What is expected: From the records below, output exactly the lines running from the line containing "-> minres_iterate C' b' z0 j z ->" through the line containing "let v1 := V *m d in", and no others.

Collected data
(* Let $A\in\mathbb{R}^{M\times N}$ with $M\ge N$, let $\tau\ge 0$, and let $B=\begin{bmatrix}-\tau I_M & A\\ A^T & -\tau I_N\end{bmatrix}$. Let $\widetilde U\in\mathbb{R}^{M\times k}$, $\widetilde V\in\mathbb{R}^{N\times k}$ have orthonormal columns, let $(\theta_1,c_1,d_1)$ be a singular triplet of $H=\widetilde U^TA\widetilde V$ with $\theta_1$ closest to $\tau$ among the singular values of $H$, set $\tilde u_1=\widetilde Uc_1$, $\tilde v_1=\widetilde Vd_1$, and $r=\begin{bmatrix}A\tilde v_1-\theta_1\tilde u_1\\ A^T\tilde u_1-\theta_1\tilde v_1\end{bmatrix}$. Let $\widetilde P_1\in\mathbb{R}^{M\times(M-1)}$ and $\widetilde Q_1\in\mathbb{R}^{N\times(N-1)}$ be such that $[\tilde u_1,\widetilde P_1]$ and $[\tilde v_1,\widetilde Q_1]$ are orthogonal, and set $\widetilde W_1=\begin{bmatrix}\widetilde P_1&0\\0&\widetilde Q_1\end{bmatrix}$, $$\widetilde B_1'=\widetilde W_1^TB\widetilde W_1=\begin{bmatrix}-\tau I_{M-1}&\widetilde P_1^TA\widetilde Q_1\\ \widetilde Q_1^TA^T\widetilde P_1&-\tau I_{N-1}\end{bmatrix},\qquad \widetilde B_1=\widetilde W_1\widetilde B_1'\widetilde W_1^T .$$ Consider the correction equation $$\begin{bmatrix}I-\tilde u_1\tilde u_1^T&0\\0&I-\tilde v_1\tilde v_1^T\end{bmatrix}B\begin{bmatrix}I-\tilde u_1\tilde u_1^T&0\\0&I-\tilde v_1\tilde v_1^T\end{bmatrix}w=-r,\qquad\text{i.e. } \widetilde B_1w=-r,$$ for $w=(s^T,t^T)^T$ with $s\perp\tilde u_1$, $t\perp\tilde v_1$. Then its solution is $w=\widetilde W_1z$, where $z\in\mathbb{R}^{M+N-2}$ solves $\widetilde B_1'z=-r'$ with $r'=\widetilde W_1^Tr$. Moreover, if MINRES is applied to $\widetilde B_1w=-r$ and to $\widetilde B_1'z=-r'$ with initial guesses $\tilde w_0$ and $\tilde z_0$ satisfying $\tilde w_0=\widetilde W_1\tilde z_0$, then the $j$th iterates satisfy $\tilde w_j=\widetilde W_1\tilde z_j$ for $j=1,2,\dots,M+N-2$, and, writing $r_{\mathrm{in},j}=\widetilde B_1\tilde w_j+r$ and $r'_{\mathrm{in},j}=\widetilde B_1'\tilde z_j+r'$, one has $\|r_{\mathrm{in},j}\|=\|r'_{\mathrm{in},j}\|$ for $j=0,1,\dots,M+N-2$.
   Context: $\|\cdot\|$ is the Euclidean vector norm / spectral matrix norm. MINRES applied to a symmetric system $Cx=-b$ with initial guess $x_0$ produces, at step $j$, the iterate $x_j\in x_0+\mathcal{K}_j(C,Cx_0+b)$ minimizing $\|Cx+b\|$ over that affine space, where $\mathcal{K}_j(C,y)=\mathrm{span}\{y,Cy,\dots,C^{j-1}y\}$. By construction, $r$ satisfies $r_{1:M}\perp\tilde u_1$ and $r_{M+1:M+N}\perp\tilde v_1$. *)

From HB Require Import structures.
From mathcomp Require Import all_boot all_order all_algebra.
Set Implicit Arguments. Unset Strict Implicit. Unset Printing Implicit Defensive.
Import Order.TTheory GRing.Theory Num.Theory.
Local Open Scope ring_scope.

Definition vnorm (R : rcfType) (n : nat) (x : 'cV[R]_n) : R :=
  Num.sqrt (\sum_(i < n) x i 0 ^+ 2).

Definition in_krylov (R : rcfType) (n : nat) (C : 'M[R]_n) (y : 'cV[R]_n)
  (j : nat) (v : 'cV[R]_n) : Prop :=
  exists a : 'I_j -> R, v = \sum_(i < j) a i *: iter i (mulmx C) y.

(* x is a (the) j-th MINRES iterate for C x = - b with initial guess x0:
   x in x0 + K_j(C, C x0 + b) minimizing ||C x + b|| over that affine space. *)
Definition minres_iterate (R : rcfType) (n : nat) (C : 'M[R]_n) (b x0 : 'cV[R]_n)
  (j : nat) (x : 'cV[R]_n) : Prop :=
  in_krylov C (C *m x0 + b) j (x - x0) /\
  forall x', in_krylov C (C *m x0 + b) j (x' - x0) ->
    vnorm (C *m x + b) <= vnorm (C *m x' + b).

Definition singular_triplet (R : rcfType) (p q : nat) (H : 'M[R]_(p, q))
  (sigma : R) (c : 'cV[R]_p) (d : 'cV[R]_q) : Prop :=
  [/\ 0 <= sigma, c^T *m c = 1%:M, d^T *m d = 1%:M,
      H *m d = sigma *: c & H^T *m c = sigma *: d].

Definition is_singular_value (R : rcfType) (p q : nat) (H : 'M[R]_(p, q)) (sigma : R) :=
  exists c d, singular_triplet H sigma c d.

Definition Bmat (R : rcfType) (M N : nat) (A : 'M[R]_(M, N)) (tau : R) : 'M[R]_(M + N) :=
  block_mx (- tau%:M) A A^T (- tau%:M).

Definition Wmat (R : rcfType) (M N M' N' : nat) (P : 'M[R]_(M, M')) (Q : 'M[R]_(N, N'))
  : 'M[R]_(M + N, M' + N') := block_mx P 0 0 Q.

Definition resid (R : rcfType) (M N : nat) (A : 'M[R]_(M, N)) (theta : R)
  (u : 'cV[R]_M) (v : 'cV[R]_N) : 'cV[R]_(M + N) :=
  col_mx (A *m v - theta *: u) (A^T *m u - theta *: v).

Definition Proj (R : rcfType) (M N : nat) (u : 'cV[R]_M) (v : 'cV[R]_N) : 'M[R]_(M + N) :=
  block_mx (1%:M - u *m u^T) 0 0 (1%:M - v *m v^T).

From HB Require Import structures.
From mathcomp Require Import all_boot all_order all_algebra.
Import Order.TTheory GRing.Theory Num.Theory.
Local Open Scope ring_scope.

(* W = diag(P1, Q1) is an isometry whose range is exactly the space of
   vectors (s; t) with s ⊥ u1, t ⊥ v1, and W W^T is the orthogonal projector
   onto it.  Since u1, v1 come from a singular triplet of the projected matrix,
   r lies in that range, so r = W r'; moreover B1 W = W B1'.  Hence W maps
   solutions, Krylov spaces K_j(B1', .) and residuals of the reduced system
   isometrically onto those of the full one, and the MINRES minimisation
   problems of the two systems correspond under W. *)

Section Orthogonality.

Context {R : comPzRingType}.

Lemma dotmxC {p : nat} (x y : 'cV[R]_p) : x^T *m y = y^T *m x.
Proof.
apply/matrixP => i j; rewrite !ord1 !mxE; apply: eq_bigr => k _.
by rewrite !mxE mulrC.
Qed.

Lemma orthogonal_row_mx {q r : nat}
    (X : 'M[R]_(q + r, q)) (P : 'M[R]_(q + r, r)) :
  (row_mx X P)^T *m row_mx X P = 1%:M ->
  [/\ P^T *m X = 0, P^T *m P = 1%:M & X *m X^T + P *m P^T = 1%:M].
Proof.
move=> XP_orth; have XP_orthC := mulmx1C XP_orth.
rewrite tr_row_mx mul_col_row (scalar_mx_block q r 1) in XP_orth.
have [_ _ -> ->] := eq_block_mx XP_orth.
by rewrite tr_row_mx mul_row_col in XP_orthC.
Qed.

Lemma perp_projector_id {p : nat} (u x : 'cV[R]_p) :
  u^T *m x = 0 -> (1%:M - u *m u^T) *m x = x.
Proof. by move=> ux0; rewrite mulmxBl mul1mx -mulmxA ux0 mulmx0 subr0. Qed.

Lemma ritz_residual_perp {p q k : nat} (A : 'M[R]_(p, q))
    (U : 'M[R]_(p, k)) (V : 'M[R]_(q, k)) (theta : R) (c d : 'cV[R]_k) :
  U^T *m U = 1%:M -> U^T *m A *m V *m d = theta *: c ->
  (U *m c)^T *m (A *m (V *m d) - theta *: (U *m c)) = 0.
Proof.
move=> UU Hd; rewrite mulmxBr -scalemxAr trmx_mul.
rewrite -mulmxA [U^T *m (U *m c)]mulmxA UU mul1mx.
have -> : c^T *m U^T *m (A *m (V *m d)) = c^T *m (U^T *m A *m V *m d).
  by rewrite !mulmxA.
by rewrite Hd -scalemxAr subrr.
Qed.

End Orthogonality.

Lemma Proj_col_mx {R : rcfType} {M N : nat} (u s : 'cV[R]_M) (v t : 'cV[R]_N) :
  u^T *m s = 0 -> v^T *m t = 0 -> Proj u v *m col_mx s t = col_mx s t.
Proof.
move=> us0 vt0; rewrite /Proj mul_block_col !mul0mx addr0 add0r.
by rewrite !perp_projector_id.
Qed.

Lemma Wmat_isometry {R : rcfType} {M N M' N' : nat}
    (P : 'M[R]_(M, M')) (Q : 'M[R]_(N, N')) :
  P^T *m P = 1%:M -> Q^T *m Q = 1%:M -> (Wmat P Q)^T *m Wmat P Q = 1%:M.
Proof.
move=> PP QQ; rewrite /Wmat tr_block_mx mulmx_block !trmx0.
by rewrite !mulmx0 !mul0mx !addr0 !add0r PP QQ -scalar_mx_block.
Qed.

Lemma Wmat_mulmx_tr {R : rcfType} {M N M' N' : nat}
    (u : 'cV[R]_M) (v : 'cV[R]_N) (P : 'M[R]_(M, M')) (Q : 'M[R]_(N, N')) :
  u *m u^T + P *m P^T = 1%:M -> v *m v^T + Q *m Q^T = 1%:M ->
  Wmat P Q *m (Wmat P Q)^T = Proj u v.
Proof.
move=> uP vQ; rewrite /Wmat /Proj tr_block_mx mulmx_block !trmx0.
by rewrite !mulmx0 !mul0mx !addr0 !add0r -uP -vQ ![_ + _ - _]addrC !addKr.
Qed.

Lemma Proj_resid {R : rcfType} {M N k : nat} (A : 'M[R]_(M, N))
    (U : 'M[R]_(M, k)) (V : 'M[R]_(N, k)) (theta : R) (c d : 'cV[R]_k) :
  U^T *m U = 1%:M -> V^T *m V = 1%:M ->
  singular_triplet (U^T *m A *m V) theta c d ->
  Proj (U *m c) (V *m d) *m resid A theta (U *m c) (V *m d)
  = resid A theta (U *m c) (V *m d).
Proof.
move=> UU VV [_ _ _ Hd Hc]; rewrite Proj_col_mx //.
  exact: ritz_residual_perp UU Hd.
apply: ritz_residual_perp VV _.
by rewrite -Hc !trmx_mul trmxK !mulmxA.
Qed.

Section Intertwining.

Context {R : comPzRingType} {p q : nat}.
Context {W : 'M[R]_(p, q)} {C : 'M[R]_p} {C' : 'M[R]_q}.
Hypothesis CW : C *m W = W *m C'.

Lemma iter_mulmx_intertwine (i : nat) (y : 'cV[R]_q) :
  iter i (mulmx C) (W *m y) = W *m iter i (mulmx C') y.
Proof. by elim: i => [|i IH] //=; rewrite IH mulmxA CW mulmxA. Qed.

Lemma mulmx_krylov_sum (j : nat) (a : 'I_j -> R) (y : 'cV[R]_q) :
  W *m (\sum_(i < j) a i *: iter i (mulmx C') y)
  = \sum_(i < j) a i *: iter i (mulmx C) (W *m y).
Proof.
rewrite mulmx_sumr; apply: eq_bigr => i _.
by rewrite iter_mulmx_intertwine scalemxAr.
Qed.

Lemma residual_mulmx (b' z : 'cV[R]_q) :
  C *m (W *m z) + W *m b' = W *m (C' *m z + b').
Proof. by rewrite mulmxA CW -mulmxA mulmxDr. Qed.

Lemma mulmx_tr_solution (b' : 'cV[R]_q) (x : 'cV[R]_p) :
  W^T *m W = 1%:M -> x = W *m (W^T *m x) -> C *m x = - (W *m b') ->
  C' *m (W^T *m x) = - b'.
Proof.
move=> WW xE Cx; rewrite -[LHS]mul1mx -WW -mulmxA [W *m _]mulmxA -CW.
by rewrite -mulmxA -xE Cx mulmxN mulmxA WW mul1mx.
Qed.

End Intertwining.

Lemma vnormE {R : rcfType} {p : nat} (x : 'cV[R]_p) :
  vnorm x = Num.sqrt ((x^T *m x) 0 0).
Proof.
rewrite /vnorm mxE; congr Num.sqrt; apply: eq_bigr => i _.
by rewrite !mxE expr2.
Qed.

Lemma vnorm_isometry {R : rcfType} {p q : nat}
    (W : 'M[R]_(p, q)) (y : 'cV[R]_q) :
  W^T *m W = 1%:M -> vnorm (W *m y) = vnorm y.
Proof.
by move=> WW; rewrite !vnormE trmx_mul mulmxA -(mulmxA y^T) WW mulmx1.
Qed.

Section MinresIsometry.

Context {R : rcfType} {p q : nat}.
Context {W : 'M[R]_(p, q)} {C : 'M[R]_p} {C' : 'M[R]_q} {b' : 'cV[R]_q}.
Hypotheses (WW : W^T *m W = 1%:M) (CW : C *m W = W *m C').

Lemma in_krylov_mulmx (j : nat) (y v : 'cV[R]_q) :
  in_krylov C' y j v -> in_krylov C (W *m y) j (W *m v).
Proof. by case=> a ->; exists a; rewrite (mulmx_krylov_sum CW). Qed.

Lemma in_krylov_mulmxP (j : nat) (y : 'cV[R]_q) (x : 'cV[R]_p) :
  in_krylov C (W *m y) j x -> exists2 v, x = W *m v & in_krylov C' y j v.
Proof.
by case=> a ->; exists (\sum_(i < j) a i *: iter i (mulmx C') y);
  [rewrite (mulmx_krylov_sum CW) | exists a].
Qed.

Lemma minres_iterate_mulmx (z0 z : 'cV[R]_q) (j : nat) :
  minres_iterate C' b' z0 j z ->
  minres_iterate C (W *m b') (W *m z0) j (W *m z).
Proof.
case=> z_kry z_min; rewrite /minres_iterate (residual_mulmx CW).
split; first by rewrite -mulmxBr; apply: in_krylov_mulmx.
move=> x' /in_krylov_mulmxP [v x'E v_kry].
have -> : x' = W *m (v + z0) by rewrite mulmxDr -x'E subrK.
rewrite !(residual_mulmx CW) !vnorm_isometry //.
by apply: z_min; rewrite addrK.
Qed.

Lemma minres_iterate_mulmxP (z0 : 'cV[R]_q) (w : 'cV[R]_p) (j : nat) :
  minres_iterate C (W *m b') (W *m z0) j w ->
  exists2 z, minres_iterate C' b' z0 j z & w = W *m z.
Proof.
rewrite /minres_iterate (residual_mulmx CW).
case=> /in_krylov_mulmxP [v wE v_kry] w_min.
have {}wE : w = W *m (v + z0) by rewrite mulmxDr -wE subrK.
exists (v + z0) => //; split; first by rewrite addrK.
move=> z' z'_kry; have := w_min (W *m z').
rewrite wE !(residual_mulmx CW) !vnorm_isometry //; apply.
by rewrite -mulmxBr; apply: in_krylov_mulmx.
Qed.

Lemma minres_residual_vnorm_eq (z0 z : 'cV[R]_q) (w : 'cV[R]_p) (j : nat) :
  minres_iterate C (W *m b') (W *m z0) j w -> minres_iterate C' b' z0 j z ->
  vnorm (C *m w + W *m b') = vnorm (C' *m z + b').
Proof.
move=> w_it z_it; apply/le_anti/andP; split.
- move/minres_iterate_mulmx: z_it => [Wz_kry _]; case: w_it => _ w_min.
  by have := w_min _ Wz_kry; rewrite (residual_mulmx CW) vnorm_isometry.
- case/minres_iterate_mulmxP: w_it => z1 [z1_kry _] ->.
  rewrite (residual_mulmx CW) vnorm_isometry //.
  by case: z_it => _; apply.
Qed.

End MinresIsometry.

(* M = m.+1, N = n.+1 (so M - 1 = m, N - 1 = n, M + N - 2 = m + n). *)
Theorem theorem3p1 (R : rcfType) (m n k : nat) (hMN : (n <= m)%N)
  (A : 'M[R]_(m.+1, n.+1)) (tau : R) (htau : 0 <= tau)
  (U : 'M[R]_(m.+1, k)) (V : 'M[R]_(n.+1, k))
  (hU : U^T *m U = 1%:M) (hV : V^T *m V = 1%:M)
  (theta : R) (c d : 'cV[R]_k)
  (htrip : singular_triplet (U^T *m A *m V) theta c d)
  (hclosest : forall sigma, is_singular_value (U^T *m A *m V) sigma ->
                `|theta - tau| <= `|sigma - tau|)
  (P1 : 'M[R]_(m.+1, m)) (Q1 : 'M[R]_(n.+1, n))
  (hP1 : (row_mx (U *m c) P1)^T *m row_mx (U *m c) P1 = 1%:M)
  (hQ1 : (row_mx (V *m d) Q1)^T *m row_mx (V *m d) Q1 = 1%:M) :
  let u1 := U *m c in
  let v1 := V *m d in
  let B := Bmat A tau in
  let W := Wmat P1 Q1 in
  let B1' := W^T *m B *m W in
  let B1 := W *m B1' *m W^T in
  let r := resid A theta u1 v1 in
  let r' := W^T *m r in
  let Pi := Proj u1 v1 in
  [/\ Pi *m B *m Pi = B1,
      (forall (s : 'cV[R]_m.+1) (t : 'cV[R]_n.+1),
         s^T *m u1 = 0 -> t^T *m v1 = 0 ->
         Pi *m B *m Pi *m col_mx s t = - r ->
         exists z, col_mx s t = W *m z /\ B1' *m z = - r'),
      (forall z, B1' *m z = - r' ->
         exists (s : 'cV[R]_m.+1) (t : 'cV[R]_n.+1),
           [/\ W *m z = col_mx s t, s^T *m u1 = 0, t^T *m v1 = 0
             & Pi *m B *m Pi *m (W *m z) = - r]),
      (forall w0 z0 j, w0 = W *m z0 -> (1 <= j <= m + n)%N ->
         (forall z, minres_iterate B1' r' z0 j z ->
                    minres_iterate B1 r w0 j (W *m z)) /\
         (forall w, minres_iterate B1 r w0 j w ->
                    exists z, minres_iterate B1' r' z0 j z /\ w = W *m z))
    & (forall w0 z0 j w z, w0 = W *m z0 -> (j <= m + n)%N ->
         minres_iterate B1 r w0 j w -> minres_iterate B1' r' z0 j z ->
         vnorm (B1 *m w + r) = vnorm (B1' *m z + r'))].
Proof.
move=> u1 v1 B W B1' B1 r r' Pi.
case/orthogonal_row_mx: hP1 => P1u1 P1P1 u1P1.
case/orthogonal_row_mx: hQ1 => Q1v1 Q1Q1 v1Q1.
have WW : W^T *m W = 1%:M by apply: Wmat_isometry.
have WWT : W *m W^T = Pi by apply: Wmat_mulmx_tr.
have B1W : B1 *m W = W *m B1' by rewrite -mulmxA WW mulmx1.
have PiBPi : Pi *m B *m Pi = B1 by rewrite -WWT /B1 /B1' !mulmxA.
have r_range : r = W *m r' by rewrite /r' mulmxA WWT Proj_resid.
split => //.
- move=> s t s_u1 t_v1; rewrite PiBPi r_range => st_sol.
  have st_range : col_mx s t = W *m (W^T *m col_mx s t).
    by rewrite mulmxA WWT Proj_col_mx // dotmxC.
  exists (W^T *m col_mx s t); split => //.
  exact: (mulmx_tr_solution B1W _ _ WW st_range st_sol).
- move=> z z_sol; exists (P1 *m usubmx z), (Q1 *m dsubmx z); split.
  + by rewrite -{1}(vsubmxK z) /W /Wmat mul_block_col !mul0mx addr0 add0r.
  + by rewrite trmx_mul -mulmxA P1u1 mulmx0.
  + by rewrite trmx_mul -mulmxA Q1v1 mulmx0.
  + by rewrite PiBPi mulmxA B1W -mulmxA z_sol mulmxN -r_range.
- move=> w0 z0 j -> _; rewrite r_range; split.
  + by move=> z; apply: minres_iterate_mulmx.
  + by move=> w /(minres_iterate_mulmxP WW B1W)[z]; exists z.
- by move=> w0 z0 j w z -> _; rewrite r_range; apply: minres_residual_vnorm_eq.
Qed.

Response to the exercise:
  minres_iterate C (W *m b') (W *m z0) j w -> minres_iterate C' b' z0 j z ->
  vnorm (C *m w + W *m b') = vnorm (C' *m z + b').
Proof.
move=> w_it z_it; apply/le_anti/andP; split.
- move/minres_iterate_mulmx: z_it => [Wz_kry _]; case: w_it => _ w_min.
  by have := w_min _ Wz_kry; rewrite (residual_mulmx CW) vnorm_isometry.
- case/minres_iterate_mulmxP: w_it => z1 [z1_kry _] ->.
  rewrite (residual_mulmx CW) vnorm_isometry //.
  by case: z_it => _; apply.
Qed.

End MinresIsometry.

(* M = m.+1, N = n.+1 (so M - 1 = m, N - 1 = n, M + N - 2 = m + n). *)
Theorem theorem3p1 (R : rcfType) (m n k : nat) (hMN : (n <= m)%N)
  (A : 'M[R]_(m.+1, n.+1)) (tau : R) (htau : 0 <= tau)
  (U : 'M[R]_(m.+1, k)) (V : 'M[R]_(n.+1, k))
  (hU : U^T *m U = 1%:M) (hV : V^T *m V = 1%:M)
  (theta : R) (c d : 'cV[R]_k)
  (htrip : singular_triplet (U^T *m A *m V) theta c d)
  (hclosest : forall sigma, is_singular_value (U^T *m A *m V) sigma ->
                `|theta - tau| <= `|sigma - tau|)
  (P1 : 'M[R]_(m.+1, m)) (Q1 : 'M[R]_(n.+1, n))
  (hP1 : (row_mx (U *m c) P1)^T *m row_mx (U *m c) P1 = 1%:M)
  (hQ1 : (row_mx (V *m d) Q1)^T *m row_mx (V *m d) Q1 = 1%:M) :
  let u1 := U *m c in
  let v1 := V *m d in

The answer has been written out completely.